FORT WORTH, Texas — D.R. Horton Inc., the nation's largest homebuilder, said it swung to a loss in the last three months of 2007, hurt by hefty charges to write down inventory and declining land values.

Amid a housing slump, cancellation rates remained high and pushed down sales orders 52 percent from a year ago. In the nation's biggest market, California, Horton's sales orders fell 72 percent. Orders tumbled 65 percent in Colorado, Illinois, Minnesota and Wisconsin, and 56 percent in New Jersey, North Carolina and Pennsylvania. They fell 59 percent in Arizona, New Mexico and Utah.

"I don't see a recovery in California in the next 12 months," said Chief Executive Donald J. Tomnitz.

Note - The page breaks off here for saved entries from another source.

Lemma proj_action_inj A B : proj_action A =1 proj_action B -> A = B.
Proof.
move=> eq_AB; suff eq_rows (w : 'rV[F]_n) : w *m A = w *m B.
  by apply/row_matrixP => i; rewrite !rowE eq_rows.
have [-> | w0] := eqVneq w 0; first by rewrite !mul0mx.
pose v : prow := exist (fun u => normalized u) _ (normalizeP w0).
have /= eq_vAB := proj_action_row (fun y => eq_AB (v, y)).
by rewrite -[w]normalizeK -!(scalemxAl (lead_entry w)) eq_vAB.
Qed.

End ProjectiveAction.

Section PrimaryRootAction.

Variable F : finFieldType.

Local Notation k := #|F|.-1.
Local Notation kpart p := (p ^ logn p k)%N.

(* Primes are stored in ['I_#|F|] to get a finite type: those of [k] are
   smaller than [#|F|]. *)
Definition primary_root (pr : 'I_#|F| * F) :=
  (nat_of_ord pr.1 \in primes k) && (pr.2 ^+ kpart pr.1 == 1).

Local Notation root_point := {pr : 'I_#|F| * F | primary_root pr}.

(* [a] acts on the [p]-primary component through the surjection
   [a |-> a ^+ (k %/ kpart p)] of [F^*] onto the [kpart p]-th roots of unity. *)
Definition primary_root_shift (a : F) (pr : 'I_#|F| * F) :=
  (pr.1, pr.2 * a ^+ (k %/ kpart pr.1)).

Definition primary_root_act (a : F) (y : root_point) : root_point :=
  insubd y (primary_root_shift a (val y)).

Lemma primary_root_shiftP a pr :
  a != 0 -> primary_root pr -> primary_root (primary_root_shift a pr).
Proof.
move=> a0 /andP[pk /eqP x1]; rewrite /primary_root /=; rewrite /= in pk x1.
rewrite pk exprMn x1 mul1r -exprM divnK ?pfactor_dvdnn //.
exact/eqP/expf_card_pred.
Qed.

Lemma primary_root_actE a y :
  a != 0 -> val (primary_root_act a y) = primary_root_shift a (val y).
Proof. by move=> a0; apply/insubdK/primary_root_shiftP/(valP y). Qed.

Lemma primary_root_actM a b y : a != 0 -> b != 0 ->
  primary_root_act (a * b) y = primary_root_act b (primary_root_act a y).
Proof.
move=> a0 b0; apply: val_inj; rewrite !primary_root_actE ?mulf_neq0 //.
by rewrite /primary_root_shift /= exprMn mulrA.
Qed.

Lemma primary_root_act1 y : primary_root_act 1 y = y.
Proof.
apply: val_inj; rewrite primary_root_actE ?oner_neq0 // /primary_root_shift.
by rewrite expr1n mulr1; case: (val y).
Qed.

Lemma primes_lt_card p : p \in primes k -> (p < #|F|)%N.
Proof.
rewrite mem_primes => /and3P[_ k_gt0 p_dvd_k].
rewrite (leq_ltn_trans (dvdn_leq k_gt0 p_dvd_k)) // ltn_predL.
by apply/card_gt0P; exists 0.
Qed.

Lemma primary_root_one p (pk : p \in primes k) :
  primary_root (Ordinal (primes_lt_card pk), 1).
Proof. by rewrite /primary_root pk expr1n eqxx. Qed.

Definition primary_root_unit p (pk : p \in primes k) : root_point :=
  exist (fun pr => primary_root pr) _ (primary_root_one pk).

Lemma primary_root_act_faithful a :
  a != 0 -> (forall y, primary_root_act a y = y) -> a = 1.
Proof.
move=> a0 a_triv; have [z z_prim] := finField_prim_root_exists F.
have [j a_eq] := prim_rootP z_prim (expf_card_pred a0).
suff k_dvd_j : (k %| j)%N by rewrite a_eq; apply/eqP; rewrite -(prim_order_dvd z_prim).
apply/dvdn_partP => [|p pk]; first exact: finField_card_pred_gt0.
have p_pr : prime p by move: pk; rewrite mem_primes => /andP[].
have KN : (k %/ kpart p * kpart p = k)%N by rewrite divnK ?pfactor_dvdnn.
have K_gt0 : (0 < k %/ kpart p)%N.
  rewrite divn_gt0 ?expn_gt0 ?prime_gt0 // dvdn_leq ?pfactor_dvdnn //.
  exact: finField_card_pred_gt0.
have := congr1 val (a_triv (primary_root_unit pk)); rewrite primary_root_actE //.
rewrite /primary_root_shift => -[]; rewrite mul1r a_eq -exprM => /eqP.
by rewrite -(prim_order_dvd z_prim) -{1}KN [(j * _)%N]mulnC dvdn_pmul2l // p_part.
Qed.

Lemma primary_sum_ord :
  primary_sum k = (\sum_(i < #|F| | nat_of_ord i \in primes k) kpart i)%N.
Proof.
rewrite /primary_sum -(big_mkord (fun i => i \in primes k) (fun p => kpart p)).
rewrite -[in RHS]big_filter; apply/perm_big/uniq_perm.
- exact: primes_uniq.
- by rewrite filter_uniq // iota_uniq.
move=> p; rewrite mem_filter mem_index_iota.
by case: (boolP (p \in primes k)) => // pk; rewrite primes_lt_card.
Qed.

Lemma card_primary_roots : (#|{: root_point}| <= primary_sum k)%N.
Proof.
rewrite card_sig -sum1_card primary_sum_ord.
have -> : (\sum_(pr in [pred pr | primary_root pr]) 1 =
           \sum_(i : 'I_#|F|) \sum_(x : F | primary_root (i, x)) 1)%N.
  by rewrite pair_big_dep; apply: eq_bigl => -[i x].
rewrite [in X in (_ <= X)%N]big_mkcond; apply: leq_sum => i _; rewrite sum1_card.
case: ifP => pk; last by rewrite eq_card0 // => x; rewrite /primary_root pk.
rewrite cardE; apply: max_unity_roots; rewrite ?enum_uniq //.
by apply/allP => x; rewrite mem_enum unity_rootE => /andP[].
Qed.

End PrimaryRootAction.

Lemma finField_card2_unit (F : finFieldType) (a : F) : #|F| = 2 -> a != 0 -> a = 1.
Proof.
move=> q2 a0; apply/eqP; apply: contraT => a_neq1.
have : (#|[set a; 1%R]| <= #|[set~ (0%R : F)]|)%N.
  apply/subset_leq_card/subsetP => x.
  by rewrite !inE => /orP[] /eqP ->; rewrite ?oner_neq0.
by rewrite cards2 cardsC1 q2 a_neq1.
Qed.
Lemma greedy_invariant (I : instance) : assumptionA L U I -> forall w, 0 <= w <= C ->
  let ds := greedy_decisions w I in
  box_feasible I ds /\ w + Rsum ds <= C /\
  Psi K k (w + Rsum ds) - Psi K k w <= excess L I ds /\
  forall ys lam, box_feasible I ys -> psi K k (w + Rsum ds) <= lam ->
    excess L I ys - lam * Rsum ys <= excess L I ds - (Psi K k (w + Rsum ds) - Psi K k w).
Proof.
  induction 1 as [| [D g] I hitem _ IH]; intros w hw ds.
  - unfold ds, excess. simpl. rewrite Rplus_0_r.
    repeat split; [constructor | lra | lra |].
    intros ys lam hys _. inversion hys. simpl. lra.
  - pose proof (greedy_choice_max w (D, g) hitem hw) as hmax.
    simpl in hmax. set (y := greedy_choice w (D, g)) in *.
    destruct (pseudo_utility_max_spec w D y g hitem ltac:(lra) hmax)
      as [hy [hyC [hgain hslope]]].
    destruct (IH (w + y) ltac:(lra)) as [hbox [hsum [hgain' hopt]]].
    unfold ds. simpl. fold y.
    set (ds' := greedy_decisions (w + y) I) in *.
    replace (w + (y + Rsum ds')) with (w + y + Rsum ds') by ring.
    assert (hexc : forall z zs, excess L ((D, g) :: I) (z :: zs) = g z - L * z + excess L I zs)
      by reflexivity.
    pose proof (Rsum_nonneg_box _ _ hbox).
    repeat split.
    + constructor; [simpl; lra | assumption].
    + lra.
    + rewrite hexc. lra.
    + intros ys lam hys hlam. inversion hys as [| it z I0 zs hz hzs]; subst.
      simpl in hz |- *. rewrite !hexc.
      specialize (hopt zs lam hzs hlam).
      assert (psi K k (w + y) * z <= lam * z).
      { apply Rmult_le_compat_r; [lra |].
        eapply Rle_trans; [| exact hlam]. apply (psi_le K k hK hk); lra. }
      specialize (hslope z hz). lra.
Qed.

End Greedy.
Lemma weighted_le_restrict_pos d (A : Mat) (a : Vec) (l : nat -> R) (Li t : R) i :
  (forall j, (j < d)%nat -> 0 <= l j) -> 0 <= t ->
  (forall j, (j < d)%nat -> A i j <> C0 -> a j <> C0 -> Li <= l j) ->
  Cnorm2 (mat_apply d A a i) * Li <=
  t * Cnorm2 (mat_apply d A (restrict_pos l a) i) + Cnorm2 (mat_apply d A a i) * Rmax (Li - t) 0.
Proof.
  intros Hl Ht HL.
  pose proof (Cnorm2_nonneg (mat_apply d A a i)).
  pose proof (Cnorm2_nonneg (mat_apply d A (restrict_pos l a) i)).
  pose proof (Rmax_l (Li - t) 0). pose proof (Rmax_r (Li - t) 0).
  destruct (classic (exists j, (j < d)%nat /\ A i j <> C0 /\ a j <> C0 /\ ~ 0 < l j))
    as [[j [Hj [HAj [Haj Hlj]]]] | Hpos].
  - pose proof (HL j Hj HAj Haj). pose proof (Hl j Hj).
    assert (Li <= 0) by lra. nra.
  - assert (E : mat_apply d A (restrict_pos l a) i = mat_apply d A a i).
    { apply mat_apply_ext. intros j Hj. unfold restrict_pos.
      destruct (Rlt_dec 0 (l j)) as [|Hlj]; auto.
      destruct (C_eq_dec (A i j) C0) as [e|e]; [rewrite e; ring|].
      destruct (C_eq_dec (a j) C0) as [e'|e']; [rewrite e'; ring|].
      exfalso; apply Hpos; exists j; auto. }
    rewrite E. nra.
Qed.

Definition kraus_dominated (d N : nat) (K : nat -> Mat) (a : Vec)
    (l : nat -> R) (L : nat -> nat -> R) : Prop :=
  forall n i j, (n < N)%nat -> (i < d)%nat -> (j < d)%nat ->
    K n i j <> C0 -> a j <> C0 -> L n i <= l j.

Section LayerCake.

Variables (d N : nat) (K : nat -> Mat).
Hypothesis HK : kraus_complete d N K.

Let weighted (a : Vec) (L : nat -> nat -> R) : R :=
  sumR N (fun n => sumR d (fun i => Cnorm2 (mat_apply d (K n) a i) * L n i)).

Lemma kraus_weighted_le_zero a l L :
  npos d l = O -> (forall j, (j < d)%nat -> 0 <= l j) -> kraus_dominated d N K a l L ->
  weighted a L <= sumR d (fun j => Cnorm2 (a j) * l j).
Proof.
  intros Hc Hl HL. apply Rle_trans with 0.
  - rewrite <- (sumR_zero N (fun _ => 0)) by auto.
    apply sumR_le; intros n Hn. rewrite <- (sumR_zero d (fun _ => 0)) by auto.
    apply sumR_le; intros i Hi.
    pose proof (Cnorm2_nonneg (mat_apply d (K n) a i)).
    destruct (Req_dec (Cnorm2 (mat_apply d (K n) a i)) 0) as [E|E]; [rewrite E; lra|].
    destruct (mat_apply_neq0 d (K n) a i E) as [j [Hj [H1 H2]]].
    pose proof (HL n i j Hn Hi Hj H1 H2). pose proof (npos_eq0 d l Hc j Hj). nra.
  - apply sumR_nonneg; intros j Hj. pose proof (Hl j Hj). pose proof (Cnorm2_nonneg (a j)). nra.
Qed.
Lemma Frechet_derivable_dir N f x g v : Frechet N f x g ->
  derivable_pt_lim (fun t => f (vadd x (vscal t v))) 0 (dot N g v).
Proof.
  intros Hf eps Heps.
  set (nv := vnorm N v). assert (Hnv : 0 <= nv) by apply vnorm_nonneg.
  destruct (Hf (eps / (2 * (nv + 1)))) as [d [Hd H]]; [apply Rdiv_lt_0_compat; lra|].
  assert (Hd' : 0 < d / (nv + 1)) by (apply Rdiv_lt_0_compat; lra).
  exists (mkposreal _ Hd'). simpl. intros h Hh0 Hh. rewrite Rplus_0_l.
  specialize (H (vadd x (vscal h v))). rewrite vdist_dir, dot_sub_dir in H. fold nv in H.
  assert (Hah : 0 < Rabs h) by (apply Rabs_pos_lt; auto).
  assert (Hclose : Rabs h * nv < d).
  { apply (Rmult_lt_compat_r (nv + 1)) in Hh; [|lra].
    replace (d / (nv + 1) * (nv + 1)) with d in Hh by (field; lra). nra. }
  specialize (H Hclose).
  replace (vadd x (vscal 0 v)) with x
    by (apply functional_extensionality; intros; unfold vadd, vscal; ring).
  replace ((f (vadd x (vscal h v)) - f x) / h - dot N g v)
    with ((f (vadd x (vscal h v)) - f x - h * dot N g v) / h) by (field; auto).
  unfold Rdiv. rewrite Rabs_mult, Rabs_inv.
  apply (Rmult_le_compat_r (/ Rabs h)) in H; [|left; apply Rinv_0_lt_compat; auto].
  eapply Rle_lt_trans; [apply H|].
  replace (eps / (2 * (nv + 1)) * (Rabs h * nv) * / Rabs h)
    with (nv / (nv + 1) * eps / 2) by (field; lra).
  assert (nv / (nv + 1) * eps <= eps) by (apply div_succ_mult_le; lra). lra.
Qed.

Lemma Frechet_dot_unique N f x g1 g2 v :
  Frechet N f x g1 -> Frechet N f x g2 -> dot N g1 v = dot N g2 v.
Proof. intros H1 H2. eapply uniqueness_limite; apply Frechet_derivable_dir; eauto. Qed.

Lemma Frechet_coord_unique N f x g1 g2 i : (i < N)%nat ->
  Frechet N f x g1 -> Frechet N f x g2 -> g1 i = g2 i.
Proof.
  intros Hi H1 H2. rewrite <- (dot_unitv N g1 i), <- (dot_unitv N g2 i) by auto.
  eapply Frechet_dot_unique; eauto.
Qed.

Lemma Frechet_local N f f' x g :
  (exists r, 0 < r /\ forall y, vdist N y x < r -> f y = f' y) ->
  Frechet N f' x g -> Frechet N f x g.
Proof.
  intros [r [Hr Hloc]] H eps Heps. destruct (H eps Heps) as [d [Hd Hy]].
  exists (Rmin d r). split; [apply Rmin_pos; auto|]. intros y Hyd.
  assert (Hx : vdist N x x < r) by (rewrite vdist_refl; auto).
  assert (Hy' : vdist N y x < r) by (eapply Rlt_le_trans; [apply Hyd | apply Rmin_r]).
  rewrite (Hloc y Hy'), (Hloc x Hx).
  apply Hy. eapply Rlt_le_trans; [apply Hyd | apply Rmin_l].
Qed.

Lemma Frechet_lipschitz N f x g : Frechet N f x g ->
  exists d, 0 < d /\ forall y, vdist N y x < d ->
    Rabs (f y - f x) <= (L1 N g + 1) * vdist N y x.
Proof.
  intros H. destruct (H 1 Rlt_0_1) as [d [Hd Hy]]. exists d; split; auto. intros y Hyd.
  specialize (Hy y Hyd).
  assert (HB := dot_le_vnorm_L1 N (vsub y x) g). rewrite dot_comm in HB. fold (vdist N y x) in HB.
  replace (f y - f x) with ((f y - f x - dot N g (vsub y x)) + dot N g (vsub y x)) by ring.
  eapply Rle_trans; [apply Rabs_triang | lra].
Qed.

Lemma derivable_pt_lim_remainder f z0 l : derivable_pt_lim f z0 l ->
  forall eps, 0 < eps -> exists d, 0 < d /\ forall z, Rabs (z - z0) < d ->
    Rabs (f z - f z0 - l * (z - z0)) <= eps * Rabs (z - z0).
Proof.
  intros H eps Heps. destruct (H eps Heps) as [d Hd]. exists d; split; [apply cond_pos|].
  intros z Hz. destruct (Req_dec (z - z0) 0) as [E|E].
  - rewrite E, Rabs_R0. replace z with z0 by lra.
    replace (f z0 - f z0 - l * 0) with 0 by ring. rewrite Rabs_R0; lra.
  - specialize (Hd (z - z0) E Hz). replace (z0 + (z - z0)) with z in Hd by ring.
    replace (f z - f z0 - l * (z - z0)) with (((f z - f z0) / (z - z0) - l) * (z - z0))
      by (field; auto).
    rewrite Rabs_mult. apply Rmult_le_compat_r; [apply Rabs_pos | lra].
Qed.


Lemma Frechet_remainder_scaled N f x g a eps : Frechet N f x g -> 0 < eps ->
  exists d, 0 < d /\ forall y, vdist N y x < d ->
    Rabs a * Rabs (f y - f x - dot N g (vsub y x)) <= eps * vdist N y x.
Proof.
  intros Hf Heps. assert (Ha := Rabs_pos a).
  destruct (Hf (eps / (Rabs a + 1))) as [d [Hd H]]; [apply Rdiv_lt_0_compat; lra|].
  exists d. split; auto. intros y Hy. assert (Hh := vnorm_nonneg N (vsub y x)).
  eapply Rle_trans; [apply Rmult_le_compat_l; [lra | apply H; auto]|].
  replace (Rabs a * (eps / (Rabs a + 1) * vdist N y x))
    with (Rabs a / (Rabs a + 1) * (eps * vdist N y x)) by (field; lra).
  apply div_succ_mult_le; [lra | apply Rmult_le_pos; [lra | auto]].
Qed.

Lemma Frechet_comp N f x g phi l : Frechet N f x g -> derivable_pt_lim phi (f x) l ->
  Frechet N (fun y => phi (f y)) x (vscal l g).
Proof.
  intros Hf Hphi eps Heps.
  set (G := L1 N g + 1). assert (HG : 0 < G) by (unfold G; assert (H := L1_nonneg N g); lra).
  destruct (Frechet_lipschitz _ _ _ _ Hf) as [d1 [Hd1 H1]]. fold G in H1.
  destruct (derivable_pt_lim_remainder _ _ _ Hphi (eps / (2 * G))) as [d2 [Hd2 H2]];
    [apply Rdiv_lt_0_compat; lra|].
  destruct (Frechet_remainder_scaled _ _ _ _ l (eps / 2) Hf) as [d3 [Hd3 H3]]; [lra|].
  assert (Hd2G : 0 < d2 / G) by (apply Rdiv_lt_0_compat; auto).
  exists (Rmin d1 (Rmin (d2 / G) d3)). split; [repeat apply Rmin_pos; auto|].
  intros y Hy.
  assert (M1 := Rmin_l d1 (Rmin (d2 / G) d3)). assert (M2 := Rmin_r d1 (Rmin (d2 / G) d3)).
  assert (M3 := Rmin_l (d2 / G) d3). assert (M4 := Rmin_r (d2 / G) d3).
  specialize (H1 y ltac:(lra)). specialize (H3 y ltac:(lra)).
  set (h := vdist N y x) in *. assert (Hh : 0 <= h) by apply vnorm_nonneg.
  assert (Hz : Rabs (f y - f x) < d2).
  { eapply Rle_lt_trans; [apply H1|].
    replace d2 with (G * (d2 / G)) by (field; lra). apply Rmult_lt_compat_l; lra. }
  specialize (H2 (f y) Hz).
  assert (A1 : eps / (2 * G) * Rabs (f y - f x) <= eps / 2 * h).
  { eapply Rle_trans; [apply Rmult_le_compat_l; [left; apply Rdiv_lt_0_compat; lra | apply H1]|].
    right; field; lra. }
  rewrite dot_scal_l.
  replace (phi (f y) - phi (f x) - l * dot N g (vsub y x)) with
    ((phi (f y) - phi (f x) - l * (f y - f x)) + l * (f y - f x - dot N g (vsub y x))) by ring.
  eapply Rle_trans; [apply Rabs_triang|]. rewrite Rabs_mult. lra.
Qed.

Lemma Frechet_mult N f1 f2 x g1 g2 : Frechet N f1 x g1 -> Frechet N f2 x g2 ->
  Frechet N (fun y => f1 y * f2 y) x (vadd (vscal (f2 x) g1) (vscal (f1 x) g2)).
Proof.
  intros H1 H2 eps Heps.
  set (G1 := L1 N g1 + 1). assert (HG1 : 0 < G1) by (unfold G1; assert (H := L1_nonneg N g1); lra).
  set (G2 := L1 N g2 + 1). assert (HG2 : 0 < G2) by (unfold G2; assert (H := L1_nonneg N g2); lra).
  destruct (Frechet_lipschitz _ _ _ _ H1) as [d1 [Hd1 Lip1]]. fold G1 in Lip1.
  destruct (Frechet_lipschitz _ _ _ _ H2) as [d2 [Hd2 Lip2]]. fold G2 in Lip2.
  destruct (Frechet_remainder_scaled _ _ _ _ (f2 x) (eps / 3) H1) as [d3 [Hd3 H3]]; [lra|].
  destruct (Frechet_remainder_scaled _ _ _ _ (f1 x) (eps / 3) H2) as [d4 [Hd4 H4]]; [lra|].
  set (d5 := eps / (3 * G1 * G2)). assert (Hd5 : 0 < d5) by (apply Rdiv_lt_0_compat; nra).
  exists (Rmin (Rmin d1 d2) (Rmin (Rmin d3 d4) d5)). split; [repeat apply Rmin_pos; auto|].
  intros y Hy.
  assert (M1 := Rmin_l (Rmin d1 d2) (Rmin (Rmin d3 d4) d5)).
  assert (M2 := Rmin_r (Rmin d1 d2) (Rmin (Rmin d3 d4) d5)).
  assert (M3 := Rmin_l d1 d2). assert (M4 := Rmin_r d1 d2).
  assert (M5 := Rmin_l (Rmin d3 d4) d5). assert (M6 := Rmin_r (Rmin d3 d4) d5).
  assert (M7 := Rmin_l d3 d4). assert (M8 := Rmin_r d3 d4).
  specialize (Lip1 y ltac:(lra)). specialize (Lip2 y ltac:(lra)).
  specialize (H3 y ltac:(lra)). specialize (H4 y ltac:(lra)).
  set (h := vdist N y x) in *. assert (Hh : 0 <= h) by apply vnorm_nonneg.
  assert (B1 : Rabs (f1 y - f1 x) * Rabs (f2 y - f2 x) <= eps / 3 * h).
  { assert (Q : Rabs (f2 y - f2 x) <= eps / (3 * G1)).
    { eapply Rle_trans; [apply Lip2|].
      apply Rle_trans with (G2 * d5); [apply Rmult_le_compat_l; lra|].
      right; unfold d5; field; lra. }
    eapply Rle_trans; [apply Rmult_le_compat; [apply Rabs_pos | apply Rabs_pos | apply Lip1 | apply Q]|].
    right; field; lra. }
  rewrite dot_add_l, !dot_scal_l.
  replace (f1 y * f2 y - f1 x * f2 x - (f2 x * dot N g1 (vsub y x) + f1 x * dot N g2 (vsub y x)))
    with ((f1 y - f1 x) * (f2 y - f2 x) + f2 x * (f1 y - f1 x - dot N g1 (vsub y x))
          + f1 x * (f2 y - f2 x - dot N g2 (vsub y x))) by ring.
  eapply Rle_trans; [apply Rabs_triang|].
  eapply Rle_trans; [apply Rplus_le_compat_r, Rabs_triang|]. rewrite !Rabs_mult. lra.
Qed.

(** * Sequences and compactness *)

Lemma Un_cv_const c : Un_cv (fun _ => c) c.
Proof. intros eps He; exists O; intros; unfold R_dist; rewrite Rminus_diag, Rabs_R0; auto. Qed.

Lemma Un_cv_eventually_eq u w l :
  (exists K0, forall k, (K0 <= k)%nat -> u k = w k) -> Un_cv w l -> Un_cv u l.
Proof.
  intros [K0 HK] Hw eps He. destruct (Hw eps He) as [n0 Hn0].
  exists (max K0 n0). intros n Hn. rewrite HK by lia. apply Hn0; lia.
Qed.

Lemma Un_cv_squeeze u w C l :
  (exists K0, forall k, (K0 <= k)%nat -> Rabs (u k - l) <= C * w k) ->
  Un_cv w 0 -> Un_cv u l.
Proof.
  intros [K0 HK] Hw eps He. assert (HC := Rabs_pos C).
  destruct (Hw (eps / (Rabs C + 1))) as [n0 Hn0]; [apply Rdiv_lt_0_compat; lra|].
  exists (max K0 n0). intros n Hn. specialize (HK n ltac:(lia)). specialize (Hn0 n ltac:(lia)).
  unfold R_dist in *. rewrite Rminus_0_r in Hn0.
  assert (C * w n <= (Rabs C + 1) * Rabs (w n))
    by (assert (H := Rabs_pos (w n)); assert (H' := Rle_abs (C * w n));
        rewrite Rabs_mult in H'; nra).
  assert ((Rabs C + 1) * Rabs (w n) < eps).
  { replace eps with ((Rabs C + 1) * (eps / (Rabs C + 1))) by (field; lra).
    apply Rmult_lt_compat_l; lra. }
  lra.
Qed.

Lemma Un_cv_dot N a b la lb :
  (forall i, (i < N)%nat -> Un_cv (fun n => a n i) (la i)) ->
  (forall i, (i < N)%nat -> Un_cv (fun n => b n i) (lb i)) ->
  Un_cv (fun n => dot N (a n) (b n)) (dot N la lb).
Proof.
  unfold dot. induction N as [|N IH]; intros Ha Hb; simpl; [apply Un_cv_const|].
  apply CV_plus; [apply IH; intros; [apply Ha | apply Hb]; lia|].
  apply (CV_mult (fun n => a n N) (fun n => b n N)); [apply Ha | apply Hb]; lia.
Qed.

Lemma Rpower_pos x e : 0 < Rpower x e.
Proof. apply exp_pos. Qed.

Lemma Un_cv_Rpower_INR_opp a : 0 < a -> Un_cv (fun k => Rpower (INR k) (- a)) 0.
Proof.
  intros Ha eps He. set (P := Rpower eps (- / a)).
  destruct (archimed P) as [Hup _]. assert (HP := Rpower_pos eps (- / a)). fold P in HP.
  assert (Hz : (0 <= up P)%Z) by (apply le_IZR; simpl; lra).
  exists (S (Z.to_nat (up P))). intros n Hn. unfold R_dist.
  rewrite Rminus_0_r, Rabs_right by (left; apply Rpower_pos).
  assert (Hn' : P < INR n).
  { eapply Rlt_le_trans; [apply Hup|].
    rewrite <- (Z2Nat.id _ Hz), <- INR_IZR_INZ. apply le_INR; lia. }
  replace eps with (Rpower P (- a))
    by (unfold P; rewrite Rpower_mult; replace (- / a * - a) with 1 by (field; lra);
        apply Rpower_1; auto).
  rewrite (Rpower_Ropp (INR n)), (Rpower_Ropp P).
  apply Rinv_lt_contravar; [apply Rmult_lt_0_compat; apply Rpower_pos|].
  apply Rlt_Rpower_l; auto.
Qed.

Lemma Un_cv_div_INR r : Un_cv (fun k => r / INR k) 0.
Proof.
  apply (Un_cv_eventually_eq _ (fun k => r * Rpower (INR k) (- (1)))).
  - exists 1%nat. intros k Hk. rewrite Rpower_Ropp, Rpower_1 by (apply lt_0_INR; lia).
    reflexivity.
  - rewrite <- (Rmult_0_r r). apply CV_mult; [apply Un_cv_const | apply Un_cv_Rpower_INR_opp; lra].
Qed.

Horton's losses in the quarter that ended Dec. 31 totaled $128.8 million, or 41 cents per share, compared with profit of $109.7 million, or 35 cents, a year earlier, the company said Thursday. The most recent quarter, the first in Horton's new fiscal year, included $245.5 million in pretax charges to write down inventory and the value of land deposits.

Revenue plunged to $1.71 billion from $2.8 billion a year ago. The builder closed on 6,549 homes, down sharply from 10,202 a year earlier.

Analysts surveyed by Thomson Financial expected a loss of 25 cents per share on revenue of $1.62 billion.

D.R. Horton said its sales order backlog of homes under contract stood at 8,138 homes, or $2.0 billion, as of Dec. 31, compared with 16,694 homes, or $4.7 billion, a year earlier. The cancellation rate for the first quarter was 44 percent, down from 48 percent in the previous quarter.

"Market conditions remained challenging in our December quarter as inventory levels of both new and existing homes remained high while pricing remained very competitive," said Donald R. Horton, chairman, in a statement.

He said lending standards remained restrictive and buyers viewed home buying cautiously. He expects the housing environment to remain challenging.

The company's 2008 goal is to generate at least $1 billion in cash flow from operations. In the first quarter it generated more than $550 million in cash flow from operations, mainly driven by $476 million from the reduction of inventories.

Company officials said they would continue to cut prices or give buyers incentives to meet sales goals. They said the toughest markets included California, Las Vegas, Arizona, and Florida. The sales decline was a more modest 18 percent in the south-central states.

Banc of America Securities analyst Daniel Oppenheim said Horton's write-downs were more modest compared with other builders in the same quarter. That was because the company had conservatively assumed that sales and home prices would keep weakening.

Horton has taken $1.8 billion in cumulative write-downs. Oppenheim predicted the company will take further write-downs of $1.2 billion.